Answer Me This. We are hoping this will help our friends get to know us a just a tad bit better.
A question will be asked and answers will be given by both Ash and Jenn. We hope you enjoy getting to know us outside of the bookshelves.
BEA: So it is upon us and today we are flying out. Yup we left at 6am for the airport. Plane leaves at 8:35 am and we expect to arrive in Chicago at 11:33am. I am so super excited but so so so nervous and overwhelmed.
This will not be my first time in Chicago although I have not been for 10 years and at that time we never left the Amtrak station. Times before that, I was kid and never did my own navigation. So yes its a bit terrifying. I hope not to get lost or mugged or well whatever else can happen. I hope to only do hotel, resturatant, and BEA. So that is my plan. Yes I am a anxious person.
Another thing. I have been married for 16 years and together with my hubby for 18 years. I have never been this long without him. He is my rock and he has a very calm and sure nature. SO opposite of me. I don't know what to do without him there with me. This will be hard.
Oh and not to mention my grandson.
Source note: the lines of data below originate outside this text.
Lemma borel_at_image_open (R : realType) (X : metricType R) (Y : topologicalType)
    (y0 : Y) (p : X -> Y) (U : set X) :
  compact [set: X] -> hausdorff_space Y -> continuous p -> open U ->
  measurable (p @` U : set (borel_at y0)).
Proof.
move=> cX hY cp /open_bigcup_thickeningC ->; rewrite image_bigcup.
apply: bigcup_measurable => n _; apply: borel_at_closed.
by apply: compact_hausdorff_closed_image => //; rewrite closedC; apply: thickening_open.
Qed.

Lemma measure_fin_bigcap_closed_ge (R : realType) (Y : metricType R) (y0 : Y)
    (nu : {finite_measure set (borel_at y0) -> \bar R}) (I : finType)
    (C : I -> set Y) (a : \bar R) :
  (forall i, closed (C i)) ->
  (forall e, 0 < e -> (a <= nu (\bigcap_(i in [set: I]) thickening (C i) e))%E) ->
  (a <= nu (\bigcap_(i in [set: I]) C i))%E.
Proof.
move=> Ccl aC; pose D n := \bigcap_(i in [set: I]) thickening (C i) n.+1%:R^-1.
have mD n : measurable (D n : set (borel_at y0)).
  by apply: borel_at_open; apply: open_fin_bigcap => i; apply: thickening_open.
have ninc : nonincreasing_seq D.
  move=> m n mn; apply/subsetPset => y Dy i _; apply: le_thickening (Dy i Logic.I).
  by rewrite lef_pV2 ?posrE ?ler_nat.
have sub : \bigcap_n D n `<=` \bigcap_(i in [set: I]) C i.
  move=> y Dy i _; apply: (bigcap_thickening_closed (Ccl i)) => n _.
  exact: Dy n Logic.I i Logic.I.
have mcap : measurable (\bigcap_n D n : set (borel_at y0)).
  by apply: bigcap_measurable => //; exists 0%N.
have mC : measurable (\bigcap_(i in [set: I]) C i : set (borel_at y0)).
  by apply: borel_at_closed; apply: closed_bigI.
have aD n : (a <= nu (D n))%E by apply: aC; rewrite invr_gt0.
apply: le_trans (nonincreasing_measure_bigcap_ge mD ninc aD) _.
exact: le_measure (mem_set mcap) (mem_set mC) sub.
Qed.

Section Minimal.
Variable G : groupType.

Lemma factor_minimal (X Y : topologicalType) (actX : G -> X -> X)
    (actY : G -> Y -> Y) (p : X -> Y) :
  factor_map actX actY p -> minimal actX -> minimal actY.
Proof.
move=> [pc psurj pe] minX A cA [y Ay] Ainv.
have pAT : p @^-1` A = [set: X].
  apply: minX; first exact: (continuous_closedP _).1 pc _ cA.
    by have [x pxy] := psurj y; exists x; rewrite /preimage /= pxy.
  by move=> g _ [x Apx <-]; rewrite /preimage /= pe; apply: Ainv; exists (p x).
apply/seteqP; split => // z _; have [x <-] := psurj z.
by rewrite -[A (p x)]/((p @^-1` A) x) pAT.
Qed.

Variables (R : realType) (Y : metricType R) (actY : G -> Y -> Y).
Hypotheses (actYa : is_action actY) (minY : minimal actY).

Lemma minimal_orbit_ball (c z : Y) (r : R) : 0 < r -> exists g, ball c r (actY g z).
Proof.
have [act1 actM actc] := actYa; move=> r0; apply: contrapT => /forallNP zfar.
pose far := \bigcap_(g in [set: G]) actY g @^-1` ~` ball c r.
have farT : far = [set: Y].
  apply: minY => [||g _ [z' farz' <-] h _].
  - apply: closed_bigI => g _; apply: (continuous_closedP _).1 (actc g) _ _.
    by apply: open_closedC; apply: metric_ball_open.
  - by exists z => g _; apply: zfar.
  - by rewrite /preimage /= -actM; apply: farz'.
have : far c by rewrite farT.
by move=> /(_ 1%g Logic.I); rewrite /preimage /= act1; apply; apply: ballxx.
Qed.

Lemma minimal_uniform_orbit (eta : R) : compact [set: Y] -> 0 < eta ->
  exists K : seq G, forall z z', exists2 k, k \in K & ball z eta (actY k z').
Proof.
have [_ _ actc] := actYa; move=> cY eta0; have eta20 : 0 < eta / 2 by rewrite divr_gt0.
have center_cover (z : Y) : exists c, ball c (eta / 2) z by exists z; apply: ballxx.
have [cs cs_cover] := compact_finite_subcover (f := fun c : Y => ball c (eta / 2)) cY
  (fun c => metric_ball_open c _) center_cover.
have orbit_cover c : exists Kc : seq G,
    forall z', exists2 k, k \in Kc & ball c (eta / 2) (actY k z').
  apply: (compact_finite_subcover (f := fun k => actY k @^-1` ball c (eta / 2)) cY).
    by move=> k; apply: (continuousP _).1 (actc k) _ (metric_ball_open _ _).
  by move=> z'; apply: minimal_orbit_ball.
have [Kc Kc_cover] := choice orbit_cover.
exists (flatten (map Kc cs)) => z z'.
have [c cs_c cz] := cs_cover z; have [k Kc_k ckz'] := Kc_cover c z'.
exists k; first by apply/flattenP; exists (Kc c) => //; apply: map_f.
by rewrite (splitr eta); apply: ball_triangle (ball_sym cz) ckz'.
Qed.

End Minimal.

Section Averaging.
Variables (R : realType) (G : groupType) (Y : metricType R) (actY : G -> Y -> Y).
Variables (y0 : Y) (nu : probability (borel_at y0) R).
Hypothesis actYa : is_action actY.
Hypothesis nu_invariant : forall g (A : set (borel_at y0)), measurable A ->
  nu (actY g @^-1` A) = nu A.
Variables (A B : set Y) (eta : R) (K : seq G).
Hypothesis oB : open B.
Hypothesis K_net : forall z z', exists2 k, k \in K & ball z eta (actY k z').
Hypothesis AB : forall g z z', ball z eta z' -> A (actY g z) -> B (actY g z').

Local Notation b := (fine (nu B)).

Lemma count_visits_le (E : {fset G}) (tau : R) (z : Y) :
  almost_invariant [seq k^-1%g | k <- K] tau E ->
  (count (fun h => `[< A (actY h^-1%g z) >]) E)%:R <= #|` E|%:R * (b + tau).
Proof.
have [_ actM actc] := actYa; move=> Einv.
set c := (count _ E)%:R; set e := #|` E|%:R.
have mBh h : measurable (actY h^-1%g @^-1` B : set (borel_at y0)).
  by apply: borel_at_open; apply: (continuousP _).1 (actc _) _ oB.
(* Pointwise, #{h in E | h^-1 z' in B} >= c - tau e because z is eta-close to
   some k z' with k in K; integrating against nu gives |E| nu(B) by invariance. *)
have : ((c - tau * e)%:E <= \sum_(h <- E) nu (actY h^-1%g @^-1` B))%E.
  apply: probability_sum_ge_count => // z'; have [k kK zkz'] := K_net z z'.
  have toB : (count (fun h => `[< A (actY h^-1%g z) >]) E <=
              count (fun h => `[< B (actY h^-1%g (actY k z')) >]) E)%N.
    by apply: sub_count => h /asboolP Ah; apply/asboolP; apply: AB Ah.
  have shift g : actY (k^-1^-1 * g)^-1 (actY k z') = actY g^-1 z'.
    by rewrite invgK invgM -actM mulgVK.
  have := count_translate_le E (fun h => `[< B (actY h^-1%g (actY k z')) >]) k^-1.
  under [X in (_ <= X + _)%N]eq_count => g do rewrite shift.
  move=> /(leq_trans toB); rewrite -(ler_nat R) natrD lerBlDr => /le_trans; apply.
  by rewrite lerD2l; apply: Einv; apply: map_f.
have mB : measurable (B : set (borel_at y0)) by apply: borel_at_open.
rewrite (eq_bigr (fun=> nu B)) => [|h _]; last exact: nu_invariant.
rewrite -(fineK (fin_num_measure _ _ mB)) sumEFin lee_fin sumr_const_seq.
by rewrite -mulr_natl mulrDr [tau * _]mulrC lerBlDr.
Qed.

Lemma density_le (yb : Y) (S : set G) (E F : {fset G}) (tau : R) :
  E != fset0 -> F != fset0 ->
  almost_invariant [seq k^-1%g | k <- K] tau E -> almost_invariant E tau F ->
  (forall g, S g -> A (actY g yb)) -> density_in R F S <= b + tau *+ 2.
Proof.
have [_ actM _] := actYa; move=> E0 F0 Einv Finv SA.
set e := #|` E|; set f := #|` F|.
have e0 : 0 < e%:R :> R by rewrite ltr0n cardfs_gt0.
have f0 : 0 < f%:R :> R by rewrite ltr0n cardfs_gt0.
set cA := count (fun g => `[< A (actY g yb) >]) F.
have cS : (count (fun g => `[< S g >]) F <= cA)%N.
  by apply: sub_count => g /asboolP Sg; apply/asboolP; apply: SA.
have translate h : (cA <= count (fun g => `[< A (actY h^-1%g (actY g yb)) >]) F
                         + #|` symdiff (left_translate h F) F|)%N.
  have := count_translate_le F (fun g => `[< A (actY g yb) >]) h.
  by under [X in (_ <= X + _)%N]eq_count => g do rewrite actM.
(* Double counting of the pairs (h, g) in E x F with h^-1 g yb in A. *)
have double_count : (cA * e)%:R <=
    \sum_(g <- F) (count (fun h => `[< A (actY h^-1%g (actY g yb)) >]) E)%:R
    + \sum_(h <- E) (#|` symdiff (left_translate h F) F|)%:R :> R.
  rewrite -!natr_sum -natrD ler_nat -count_exchange -big_split /=.
  rewrite -[e]/(size E) -count_predT -iter_addn_0 -big_const_seq.
  by apply: leq_sum => h _; apply: translate.
have visits : \sum_(g <- F) (count (fun h => `[< A (actY h^-1%g (actY g yb)) >]) E)%:R
    <= f%:R * (e%:R * (b + tau)).
  rewrite mulr_natl -sumr_const_seq; apply: ler_sum => g _.
  exact: count_visits_le.
have boundary : \sum_(h <- E) (#|` symdiff (left_translate h F) F|)%:R
    <= e%:R * (tau * f%:R) :> R.
  rewrite mulr_natl -sumr_const_seq big_seq [leRHS]big_seq.
  by apply: ler_sum => h hE; apply: Finv.
rewrite /density_in card_fset_filter -/f ler_pdivrMr //.
apply: (@le_trans _ _ cA%:R); first by rewrite ler_nat.
rewrite -(ler_pM2r e0) -natrM.
apply: le_trans double_count _; apply: le_trans (lerD visits boundary) _.
by rewrite le_eqVlt; apply/orP; left; apply/eqP; rewrite mulr2n; ring.
Qed.

Lemma upper_Banach_density_le_measure (yb : Y) (S : set G) :
  (forall g, S g -> A (actY g yb)) -> (upper_Banach_density R S <= nu B)%E.
Proof.
move=> SA; apply: ge_ereal_sup => _ [F FF <-]; have [F0 _] := FF.
have mB : measurable (B : set (borel_at y0)) by apply: borel_at_open.
rewrite -(fineK (fin_num_measure _ _ mB)); apply/lee_addgt0Pr => t t0.
have tau0 : 0 < t / 2 by rewrite divr_gt0.
have [N _ EN] := Folner_almost_invariant [seq k^-1%g | k <- K] FF tau0.
apply: limn_esup_le_near; apply: filterS (Folner_almost_invariant (F N) FF tau0).
move=> n Fn; rewrite -EFinD lee_fin [t in _ + t](splitr t) -mulr2n.
exact: density_le (EN N (leqnn N)) Fn SA.
Qed.

End Averaging.

Section EquicontinuousFactor.
Variables (R : realType) (G : groupType) (X Y : metricType R).
Variables (actX : G -> X -> X) (actY : G -> Y -> Y) (p : X -> Y).
Variables (y0 : Y) (nu : probability (borel_at y0) R).
Hypotheses (minX : minimal actX) (cY : compact [set: Y]) (actYa : is_action actY).
Hypotheses (equiY : Defs.equicontinuous actY) (fp : factor_map actX actY p).
Hypothesis nu_invariant : forall g (A : set (borel_at y0)), measurable A ->
  nu (actY g @^-1` A) = nu A.

Lemma hitting_density_le_measure (I : finType) (W : I -> set X) (C : I -> set Y) (e : R) :
  0 < e -> (forall i, p @` W i `<=` C i) ->
  exists2 V : set X, open V /\ V !=set0 &
    (upper_Banach_density R [set g | forall i, (actX g @` V `&` W i) !=set0]
       <= nu (\bigcap_(i in [set: I]) thickening (C i) e))%E.
Proof.
have [pc psurj pe] := fp; move=> e0 WC; have e20 : 0 < e / 2 by rewrite divr_gt0.
have [eta eta0 equi] := equiY e20.
have equi_ball y y' g : ball y eta y' -> ball (actY g y) (e / 2) (actY g y').
  by rewrite !ballEmdist => /equi; apply.
have [K K_net] := minimal_uniform_orbit actYa (factor_minimal fp minX) cY eta0.
exists (p @^-1` ball y0 eta).
  split; first exact: (continuousP _).1 pc _ (metric_ball_open _ _).
  by have [x0 px0] := psurj y0; exists x0; rewrite /preimage /= px0; apply: ballxx.
apply: (upper_Banach_density_le_measure actYa nu_invariant
  (A := \bigcap_(i in [set: I]) thickening (C i) (e / 2)) _ K_net _ (yb := y0)).
- by apply: open_fin_bigcap => i; apply: thickening_open.
- move=> g z z' zz' Agz i _; rewrite (splitr e).
  exact: thickening_ball (equi_ball _ _ g zz') (Agz i Logic.I).
- move=> g Sg i _; have [_ [[v y0v <-] Wgv]] := Sg i.
  exists (p (actX g v)); first by apply: WC; exists (actX g v).
  by rewrite pe; apply: equi_ball; apply: ball_sym.
Qed.

End EquicontinuousFactor.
I will miss that little guy too. I am so used to seeing him everynight before bed. SO this may be a bit hard to do too..
I really don't know what to expect and I am a bit of a controlling person. So this is hard. Do I have enough money packed away. Will I know where to go and how to get there... how much time it takes to get there. I don't always do well in crowds so I hope I do not panic. I hope I brought the right clothes, will they be comfy... did I make the right choice in shoes. So yes worry wart and control freak.
So you ask why am I going.... I am so super excited. I get to meet bloggers, publishers, and authors. I get a week off of work. I get to discover new things and new books. I get to spend time with my daughter. I get to fan girl. All this sounds so worth it. So I am so so so ready to go no matter how anxious and nervous I am.
Also my house was getting pretty clean. I clean, organize, basically nest when I am stressed and anxious. So yay for that for me.... not so much for the rest of my family.
I'm doing this on my kindle at the airport, so it probably won't be a very long post. But here we are. At the airport. I'm not nervous and excited. Excited for books, authors, and to be going to Chicago. I'm also nervous. Going on a plane for the first time, going to Chicago for the first time, and the hardest one,being away from Finn for more than a day for the first time. Yes I've cried. A lot. I'm just trying to focus on the books and authors and that's it. If I think about more,I will hyperventilate. So. Happy, excited, nervous, and very anxious.